The Taalas model is not a solution for all inference use cases. It excels at high-volume serving of a stable, production-ready model, exactly the use case of a sovereign inference infrastructure designed to serve millions of citizens with a trusted, validated open-source model. Whether Taalas or a similar approach can scale to larger models remains an open question, and the economics of frequent chip respins at production volume have not yet been validated at scale. But the direction it points is important: breaking the memory wall through hardware specialization rather than incremental improvements to the general-purpose GPU paradigm.

What I find most significant about Taalas is that they are Canadian. There is no reason a similar initiative could not emerge in France or Europe. The technical knowledge exists. The capital markets for deep tech investment, while less developed than in North America, are growing. And the strategic motivation is arguably stronger in Europe than anywhere else.

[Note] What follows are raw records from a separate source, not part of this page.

(* With [N = n ^ (- t/(1+t))] one has [N * (N n) ^ t = n ^ 0 = 1]: the
   exponent of the rate is the one that makes this cancellation exact. *)
Lemma rate_factor_le1 (R : realType) (t : R) (n : nat) : 0 <= t ->
  n%:R `^ (- (t / (1 + t))) *
    (n%:R `^ (- (t / (1 + t))) * n.+1%:R / 2) `^ t <= 1.
Proof.
move=> t_ge0; set a := t / (1 + t); set N := n%:R `^ (- a).
have N_ge0 : 0 <= N by exact: powR_ge0.
have [n0|n_gt0] := posnP n.
  have N_le1 : N <= 1 by rewrite natr_powR_le1// oppr_le0 divr_ge0//; lra.
  rewrite n0 mulr_ile1// ?powR_ge0// powR_le1//.
  by rewrite divr_ge0 ?mulr_ge0//= ler_pdivrMr//; lra.
have n_neq0 : n%:R != 0 :> R by rewrite pnatr_eq0 -lt0n.
have n_ge1 : 1 <= n%:R :> R by rewrite ler1n.
apply: (@le_trans _ _ (N * (N * n%:R) `^ t)).
  apply: ler_wpM2l => //; apply: ge0_ler_powR; rewrite ?nnegrE ?mulr_ge0//.
  rewrite -mulrA; apply: ler_wpM2l => //.
  by rewrite -natr1 ler_pdivrMr//; lra.
have -> : N * n%:R = n%:R `^ (1 - a).
  by rewrite powRB ?n_neq0 ?implybT// powRr1 ?ler0n// /N powRN mulrC.
rewrite -powRrM /N -powRD ?n_neq0 ?implybT//.
by rewrite (_ : - a + (1 - a) * t = 0) ?powRr0// /a; field; lra.
Qed.

Lemma rate_parameters (R : realType) (t eta : R) (n : nat) :
  0 <= t <= 1 -> 0 < eta < 1 ->
  let b := eta / 40 * n%:R `^ (- (t / (1 + t))) in
  let r := eta / (20 * n.+1%:R) in
  [/\ 0 < r <= 1/10, 0 <= b <= 1/10,
      r * ((1 - r) * b / r) `^ (1 + t) <= 1/10 & 2 * (n%:R * r) <= eta].
Proof.
move=> /andP[t_ge0 t_le1] /andP[eta_gt0 eta_lt1] b r.
have n1_ge1 : 1 <= n.+1%:R :> R by rewrite ler1n.
have N_le1 : n%:R `^ (- (t / (1 + t))) <= 1 :> R.
  by rewrite natr_powR_le1// oppr_le0 divr_ge0//; lra.
have r_itv : 0 < r <= 1/10.
  by rewrite divr_gt0 ?mulr_gt0//= ler_pdivrMr ?mulr_gt0//; nra.
have b_le : b <= eta / 40.
  by rewrite -[leRHS]mulr1; apply: ler_wpM2l; rewrite // divr_ge0// ltW.
have b_ge0 : 0 <= b by rewrite mulr_ge0 ?powR_ge0// divr_ge0// ltW.
split => //; first by rewrite b_ge0 /=; lra.
- have r_itv1 : 0 < r <= 1 by case/andP: r_itv => ? ?; apply/andP; split; lra.
  apply: le_trans (rare_moment_le r_itv1 b_ge0 t_ge0) _.
  have -> : b / r = n%:R `^ (- (t / (1 + t))) * n.+1%:R / 2.
    by rewrite /b /r; field; apply/andP; split; lra.
  rewrite /b -mulrA; apply: (@le_trans _ _ (eta / 40 * 1)).
    by apply: ler_wpM2l; [rewrite divr_ge0// ltW|exact: rate_factor_le1].
  lra.
- have n_le : n%:R <= n.+1%:R :> R by rewrite ler_nat.
  rewrite /r (_ : 2 * _ = eta * n%:R / (10 * n.+1%:R)); last first.
    by field; rewrite addrC natr1 pnatr_eq0.
  by rewrite ler_pdivrMr ?mulr_gt0//; nra.
Qed.

Theorem theorem4 (R : realType) (t : R) (ht : 0 <= t <= 1) :
  forall eta : R, 0 < eta < 1 ->
  exists c : R, 0 < c /\
    forall (n p : nat) (X : 'M[R]_(n, p)),
      ((1 - eta)%:E <=
        minimax_risk (1 + t) X (c * (n%:R `^ (- (t / (1 + t))))))%E.
Proof.
move=> eta eta_itv; exists (eta / 40); split.
  by case/andP: eta_itv => eta_gt0 _; rewrite divr_gt0.
move=> n p X.
have [r_itv b_itv rare_moment error_le] := rate_parameters n ht eta_itv.
set b := eta / 40 * _ in b_itv rare_moment *.
set r := eta / _ in r_itv rare_moment error_le.
apply: le_ereal_inf_tmp => _ [A _ <-].
have typeI_ge := law_le_typeI X 0 0 A
  (Peps0_Dclass r_itv ht) (Pe_Dclass1 r_itv) (Pe_Dtilde r_itv).
have typeII_ge := law_le_typeII X 0 0 A (ler_norm b)
  (Peps1_Dclass r_itv b_itv ht rare_moment) (Pe_Dclass1 r_itv) (Pe_Dtilde r_itv).
apply: le_trans (leeD typeI_ge typeII_ge).
apply: le_trans _ (law_total_error_ge b r_itv X A).
by rewrite lee_fin lerD2l lerN2.
Qed.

The hardware stack of the future

My view on where this goes in the next three to five years is the following. Frontier models from OpenAI, Anthropic, and Google will remain important for the most complex tasks, those requiring the full reasoning capacity of the largest systems. But the everyday AI workload for the majority of users, across the majority of applications, will migrate toward smaller open-source models running closer to the user: on company infrastructure, on national cloud providers, and eventually on edge devices.

Apple's strategic direction reinforces this. They are investing heavily not in building the largest frontier models but in making powerful small models run efficiently on their hardware. A MacBook Pro today can run a 27B model at usable speeds. In two or three years, with continued hardware improvements, the gap between what runs locally and what runs in a data center will narrow further. Apple's silicon is already unusually well-suited to inference workloads because of how they integrate memory and compute, with a unified memory architecture that reduces the bandwidth bottleneck that plagues discrete GPU setups.

The combination of better small models, better local hardware, and purpose-built inference chips like what Taalas is building points toward a world where token production is far more distributed and far less concentrated in a handful of American hyperscalers than it is today. For Europe, and for France specifically, the window to build meaningful sovereign capacity is open now, while the technology is accessible, while the open-source models are catching up, and before the infrastructure dependencies of the next decade get locked in.

The token is the unit of intelligence. Whoever controls the factory controls the product.